Data items:
__________

(* Let $4\le\beta\le n-2$ and let $\gamma_1,\gamma_2,\gamma_3$ be positive integers with $\gamma_1+\gamma_2+\gamma_3<n$ such that $\min(\gamma_1,\gamma_2)\ge 2$, or $\min(\gamma_1,\gamma_3)\ge 2$, or $\min(\gamma_2,\gamma_3)\ge 2$. Then $\mathcal T_{(n),(\beta),(\gamma_1,\gamma_2,\gamma_3)}$ has infinitely many $G$-orbits.
   Context: $\mathbb F$ is an infinite field of characteristic $\ne 2$. Equip $\mathbb F^{2n}$ (canonical basis $e_1,\ldots,e_{2n}$) with the symmetric bilinear form $(e_i,e_j)=\delta_{i,2n+1-j}$, and let $G={\rm O}_{2n}(\mathbb F)$ be its isometry group. A subspace $V$ is isotropic if $(V,V)=\{0\}$. For a sequence ${\bf a}=(\alpha_1,\ldots,\alpha_p)$ of positive integers with $\sum\alpha_j\le n$, $M_{\bf a}$ is the set of flags $V_1\subset\cdots\subset V_p$ in $\mathbb F^{2n}$ with $\dim V_j=\alpha_1+\cdots+\alpha_j$ and $V_p$ isotropic. $\mathcal T_{{\bf a},{\bf b},{\bf c}}=M_{\bf a}\times M_{\bf b}\times M_{\bf c}$ with the diagonal $G$-action. *)

From HB Require Import structures.
From mathcomp Require Import all_boot all_order all_algebra.
Set Implicit Arguments. Unset Strict Implicit. Unset Printing Implicit Defensive.
Import GRing.Theory.
Local Open Scope ring_scope.

(* Ambient space F^(2n) as row vectors 'rV[F]_(n.*2); basis e_1..e_2n is
   delta rows 0..2n-1 (0-based). *)
Definition Vsp (F : fieldType) (n : nat) := {vspace 'rV[F]_(n.*2)}.

(* Gram matrix: (e_i, e_j) = delta_{i, 2n+1-j} (1-based) i.e. i0 + j0 + 1 = 2n *)
Definition gramJ (F : fieldType) (n : nat) : 'M[F]_(n.*2) :=
  \matrix_(i, j) ((i + j).+1 == n.*2)%:R.

Definition form (F : fieldType) (n : nat) (u v : 'rV[F]_(n.*2)) : F :=
  (u *m gramJ F n *m v^T) 0 0.

Definition isotropic (F : fieldType) (n : nat) (V : Vsp F n) : Prop :=
  forall u v, u \in V -> v \in V -> form u v = 0.

(* G = O_2n(F): invertible g (acting by v |-> v *m g) preserving the form *)
Definition orthogonal_mx (F : fieldType) (n : nat) (g : 'M[F]_(n.*2)) : Prop :=
  g \in unitmx /\ g *m gramJ F n *m g^T = gramJ F n.

Definition act_vs (F : fieldType) (n : nat) (g : 'M[F]_(n.*2)) (V : Vsp F n)
  : Vsp F n := (linfun (mulmxr g) @: V)%VS.

Definition in_M (F : fieldType) (n : nat) (a : seq nat) (fl : seq (Vsp F n))
  : Prop :=
  size fl = size a /\
  (forall j, (j < size a)%N -> \dim (nth 0%VS fl j) = \sum_(i < j.+1) nth 0%N a i) /\
  (forall j, (j.+1 < size a)%N -> (nth 0%VS fl j <= nth 0%VS fl j.+1)%VS) /\
  isotropic (last 0%VS fl).

Definition triple (F : fieldType) (n : nat) :=
  (seq (Vsp F n) * seq (Vsp F n) * seq (Vsp F n))%type.

Definition in_T (F : fieldType) (n : nat) (a b c : seq nat) (t : triple F n)
  : Prop := in_M a t.1.1 /\ in_M b t.1.2 /\ in_M c t.2.

Definition act_triple (F : fieldType) (n : nat) (g : 'M[F]_(n.*2))
  (t : triple F n) : triple F n :=
  (map (act_vs g) t.1.1, map (act_vs g) t.1.2, map (act_vs g) t.2).

Definition same_orbit (F : fieldType) (n : nat) (t t' : triple F n) : Prop :=
  exists g, orthogonal_mx g /\ act_triple g t = t'.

__________

Please give all of the entries again, exactly as written.

(* Let $4\le\beta\le n-2$ and let $\gamma_1,\gamma_2,\gamma_3$ be positive integers with $\gamma_1+\gamma_2+\gamma_3<n$ such that $\min(\gamma_1,\gamma_2)\ge 2$, or $\min(\gamma_1,\gamma_3)\ge 2$, or $\min(\gamma_2,\gamma_3)\ge 2$. Then $\mathcal T_{(n),(\beta),(\gamma_1,\gamma_2,\gamma_3)}$ has infinitely many $G$-orbits.
   Context: $\mathbb F$ is an infinite field of characteristic $\ne 2$. Equip $\mathbb F^{2n}$ (canonical basis $e_1,\ldots,e_{2n}$) with the symmetric bilinear form $(e_i,e_j)=\delta_{i,2n+1-j}$, and let $G={\rm O}_{2n}(\mathbb F)$ be its isometry group. A subspace $V$ is isotropic if $(V,V)=\{0\}$. For a sequence ${\bf a}=(\alpha_1,\ldots,\alpha_p)$ of positive integers with $\sum\alpha_j\le n$, $M_{\bf a}$ is the set of flags $V_1\subset\cdots\subset V_p$ in $\mathbb F^{2n}$ with $\dim V_j=\alpha_1+\cdots+\alpha_j$ and $V_p$ isotropic. $\mathcal T_{{\bf a},{\bf b},{\bf c}}=M_{\bf a}\times M_{\bf b}\times M_{\bf c}$ with the diagonal $G$-action. *)

From HB Require Import structures.
From mathcomp Require Import all_boot all_order all_algebra.
Set Implicit Arguments. Unset Strict Implicit. Unset Printing Implicit Defensive.
Import GRing.Theory.
Local Open Scope ring_scope.

(* Ambient space F^(2n) as row vectors 'rV[F]_(n.*2); basis e_1..e_2n is
   delta rows 0..2n-1 (0-based). *)
Definition Vsp (F : fieldType) (n : nat) := {vspace 'rV[F]_(n.*2)}.

(* Gram matrix: (e_i, e_j) = delta_{i, 2n+1-j} (1-based) i.e. i0 + j0 + 1 = 2n *)
Definition gramJ (F : fieldType) (n : nat) : 'M[F]_(n.*2) :=
  \matrix_(i, j) ((i + j).+1 == n.*2)%:R.

Definition form (F : fieldType) (n : nat) (u v : 'rV[F]_(n.*2)) : F :=
  (u *m gramJ F n *m v^T) 0 0.

Definition isotropic (F : fieldType) (n : nat) (V : Vsp F n) : Prop :=
  forall u v, u \in V -> v \in V -> form u v = 0.

(* G = O_2n(F): invertible g (acting by v |-> v *m g) preserving the form *)
Definition orthogonal_mx (F : fieldType) (n : nat) (g : 'M[F]_(n.*2)) : Prop :=
  g \in unitmx /\ g *m gramJ F n *m g^T = gramJ F n.

Definition act_vs (F : fieldType) (n : nat) (g : 'M[F]_(n.*2)) (V : Vsp F n)
  : Vsp F n := (linfun (mulmxr g) @: V)%VS.

Definition in_M (F : fieldType) (n : nat) (a : seq nat) (fl : seq (Vsp F n))
  : Prop :=
  size fl = size a /\
  (forall j, (j < size a)%N -> \dim (nth 0%VS fl j) = \sum_(i < j.+1) nth 0%N a i) /\
  (forall j, (j.+1 < size a)%N -> (nth 0%VS fl j <= nth 0%VS fl j.+1)%VS) /\
  isotropic (last 0%VS fl).

Definition triple (F : fieldType) (n : nat) :=
  (seq (Vsp F n) * seq (Vsp F n) * seq (Vsp F n))%type.

Definition in_T (F : fieldType) (n : nat) (a b c : seq nat) (t : triple F n)
  : Prop := in_M a t.1.1 /\ in_M b t.1.2 /\ in_M c t.2.

Definition act_triple (F : fieldType) (n : nat) (g : 'M[F]_(n.*2))
  (t : triple F n) : triple F n :=
  (map (act_vs g) t.1.1, map (act_vs g) t.1.2, map (act_vs g) t.2).

Definition same_orbit (F : fieldType) (n : nat) (t t' : triple F n) : Prop :=
  exists g, orthogonal_mx g /\ act_triple g t = t'.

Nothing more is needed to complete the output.